Our lower courts understand CPLR 5240 to provide this valuable avenue of relief for judgment debtors, using their equitable power under this provision in myriad ways . . . .

While FutureNet attempts to characterize its causes of action as tort claims, at bottom, FutureNet seeks to recover for alleged violations of the procedural requirements of article 52 and, as we determined in Cruz, permitting an action based solely on the violation of requirements established by article 52 to proceed outside the mechanisms provided by article 52 would be inconsistent with the relevant statutory framework. FutureNet justifies removal of this case from the reach of article 52 by making a largely irrelevant distinction between void and voidable process, relying primarily on nineteenth-century cases from this Court. But as with the plaintiffs in Cruz, FutureNet fails to provide any persuasive authority for its claim of a preexisting right to bring a tort action in these circumstances. Day v Bach, decided in 1881, predates enactment of the CPLR by 81 years—of course, as a result, it is silent as to the appropriate forum or methods of redress for violations of article 52. Nor does Day, or indeed any other case cited by FutureNet, involve freestanding tort claims brought in a different court than that issuing the relevant judgment. Day concerns an effort to overturn an attachment; both Tausend v Handlear and V. Loewer’s Gambrinus Brewing Co v Lithauer involve efforts to overturn judgments; and Fischer v Langbein involves an allegation of wrongful imprisonment. Indeed, the novelty of FutureNet’s claims explains the uncertainty in the federal courts that led to certification. Rather than engage in a void versus voidable debate here, we hold that an article 52 proceeding is the correct vehicle for resolving claims based on collection efforts that are alleged to violate article 52—a determination we have made with respect to other statutes with internal enforcement provisions.

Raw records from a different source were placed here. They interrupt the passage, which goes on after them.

Section LinearMaps.
Variables (T U : eqType) (K : fieldType) (f : T -> U).
Implicit Types (a : seq (T * K)).

Lemma coef_linmap a y : coef (linmap f a) y = \sum_(p <- a) p.2 * (f p.1 == y)%:R.
Proof. by rewrite coefE big_linmap. Qed.

Lemma eq_coef_linmap a a' : coef a =1 coef a' -> coef (linmap f a) =1 coef (linmap f a').
Proof. by move=> E y; rewrite !coef_linmap (eq_sum_coef (fun x => (f x == y)%:R) E). Qed.

Lemma coef_linmap_inj a x : injective f -> coef (linmap f a) (f x) = coef a x.
Proof. by move=> finj; rewrite coef_linmap coefE; under eq_bigr do rewrite (inj_eq finj). Qed.

Lemma linmap_bilin (op : T -> T -> T) (op' : U -> U -> U) a b :
  (forall x y, f (op x y) = op' (f x) (f y)) ->
  linmap f (bilin op a b) = bilin op' (linmap f a) (linmap f b).
Proof.
move=> fop; rewrite /linmap /bilin allpairs_mapl allpairs_mapr map_allpairs.
by apply: eq_allpairs => p q /=; rewrite fop.
Qed.

Lemma linmap_onto (P : pred T) (c : seq (U * K)) :
  (forall p, p \in c -> exists2 x, P x & f x = p.1) ->
  exists2 a, (forall p, p \in a -> P p.1) & linmap f a = c.
Proof.
elim: c => [|[y k] c IH] hc; first by exists [::].
have [x Px fx] := hc _ (mem_head _ _).
have [|a Pa <-] := IH; first by move=> p hp; apply: hc; rewrite inE hp orbT.
by exists ((x, k) :: a); [move=> p; rewrite inE => /predU1P[-> | /Pa] | rewrite /= fx].
Qed.

End LinearMaps.

Local Close Scope ring_scope.

Unset Implicit Arguments.
Theorem mainTheorem6 (K : fieldType) (HK : [pchar K]%R =i pred0) :
  (* (i) and (iii) *)
  (forall (n m : nat) (v w : seq nat), 0 < n -> 0 < m -> hatN n v -> hatN m w ->
     [/\ hatN (n + m) (nover v w), hatN (n + m) (nunder v w),
         M (nover v w) = (M v * M w)%R
       & M (nunder v w) = (if w == iota 1 m then ((-1) ^+ m * M v)%R else 0%R)])
  /\
  (* (i), trees *)
  (forall pi tau : tree, 0 < internal pi -> 0 < internal tau ->
     name (tover pi tau) = nover (name pi) (name tau)
     /\ name (tunder pi tau) = nunder (name pi) (name tau))
  /\
  (* (ii), on the basis *)
  (forall u v w : seq nat, hatNpos u -> hatNpos v -> hatNpos w ->
     [/\ nover (nover u v) w = nover u (nover v w),
         nunder (nunder u v) w = nunder u (nunder v w)
       & nunder (nover u v) w = nover u (nunder v w)])
  /\
  (* (ii), the bilinear extension is a well-defined associative L-algebra
     on (+)_{n>=1} K \hat N^n *)
  (forall a a' b b' c : seq (seq nat * K),
     (forall p, p \in a -> hatNpos p.1) -> (forall p, p \in a' -> hatNpos p.1) ->
     (forall p, p \in b -> hatNpos p.1) -> (forall p, p \in b' -> hatNpos p.1) ->
     (forall p, p \in c -> hatNpos p.1) ->
     ((forall p, p \in bilin nover a b -> hatNpos p.1)
      /\ (forall p, p \in bilin nunder a b -> hatNpos p.1)) /\
     [/\ (coef a =1 coef a' -> coef b =1 coef b' ->
            coef (bilin nover a b) =1 coef (bilin nover a' b')
            /\ coef (bilin nunder a b) =1 coef (bilin nunder a' b')),
         coef (bilin nover (bilin nover a b) c) =1 coef (bilin nover a (bilin nover b c)),
         coef (bilin nunder (bilin nunder a b) c) =1 coef (bilin nunder a (bilin nunder b c))
       & coef (bilin nunder (bilin nover a b) c) =1 coef (bilin nover a (bilin nunder b c))])
  /\
  (* (ii), name extended linearly is an isomorphism of associative L-algebras
     (+)_{n>=1} K Y_n --> (+)_{n>=1} K \hat N^n *)
  (forall a a' b : seq (tree * K),
     (forall p, p \in a -> 0 < internal p.1) -> (forall p, p \in a' -> 0 < internal p.1) ->
     (forall p, p \in b -> 0 < internal p.1) ->
     [/\ (forall p, p \in linmap name a -> hatNpos p.1),
         (coef a =1 coef a' <-> coef (linmap name a) =1 coef (linmap name a')),
         coef (linmap name (bilin tover a b))
           =1 coef (bilin nover (linmap name a) (linmap name b))
       & coef (linmap name (bilin tunder a b))
           =1 coef (bilin nunder (linmap name a) (linmap name b))])
  /\
  (forall c : seq (seq nat * K), (forall p, p \in c -> hatNpos p.1) ->
     exists a : seq (tree * K), (forall p, p \in a -> 0 < internal p.1)
       /\ coef (linmap name a) =1 coef c).
Proof.
split.
  move=> n m v w n0 _ hv hw.
  by split; [exact: hatN_nover | exact: hatN_nunder | exact: M_nover hv hw
    | exact: M_nunder n0 hv hw].
split; first by move=> pi tau _ _; rewrite name_tover name_tunder.
split.
  move=> u v w _ /hatNpos_size_gt0 hv /hatNpos_gt0 hw.
  by split; [exact: nover_assoc | exact: nunder_assoc | exact: nunder_noverA].
split.
  move=> a a' b b' c ha _ hb _ hc; split.
    by split; apply: mem_bilin_closed => //; [apply: hatNpos_nover | apply: hatNpos_nunder].
  split.
  - by move=> Ea Eb; split; apply: eq_coef_bilin.
  - by apply: coef_bilinA => p q w _ _ /hc/hatNpos_gt0; apply: nover_assoc.
  - by apply: coef_bilinA => *; apply: nunder_assoc.
  - apply: coef_bilinA => p q w _ /hb/hatNpos_size_gt0 hq /hc/hatNpos_gt0.
    exact: nunder_noverA.
split.
  move=> a a' b ha _ _; split.
  - by move=> p /mapP[[t k] /ha ht ->]; apply/hatNposP; exists t.
  - split; first exact: eq_coef_linmap.
    by move=> E t; rewrite -!(coef_linmap_inj _ _ name_inj) E.
  - by rewrite (linmap_bilin _ _ name_tover).
  - by rewrite (linmap_bilin _ _ name_tunder).
move=> c hc; have [|a ha <-] := @linmap_onto _ _ K name (fun t => 0 < internal t) c.
  by move=> p /hc/hatNposP.
by exists a.
Qed.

Policy considerations also counsel this outcome. Our legislature provided the avenues for relief it deemed warranted in article 52, and empowering a judgment debtor to evade these proceedings, which are, at bottom, designed to protect debtors from improper collection efforts, would eviscerate the purpose of article 52. An article 52 proceeding, brought as it must be within a reasonable time, also serves to limit the injury that might be inflicted by improper use of the enforcement process, for example by making funds available for payroll that might otherwise be seized. Indeed, here FutureNet was aware of the restraining notices and the intent to levy the funds, and although the company objected to the restraint in communications with the judgment creditors, it brought an action solely aimed at overturning the judgment and did not independently challenge the levy at a time when any claimed errors in the executions could potentially have been remedied by the court. FutureNet could also have pursued relief under CPLR 5240 following the execution—our holding in Cruz made clear that such an action is permitted even after assets have been transferred to a creditor. FutureNet chose instead to pursue challenges to the validity of the underlying judgments and then, after those challenges failed, endeavored to convert its claims into common law torts.

. . .

To hold otherwise—to permit allegations of noncompliance with article 52 in the course of enforcing valid judgments to be recast into common law tort claims—is not workable. Instead, the better course, and the one we follow today, is to require that such claims be brought pursuant to article 52.

(Internal quotations and citations omitted).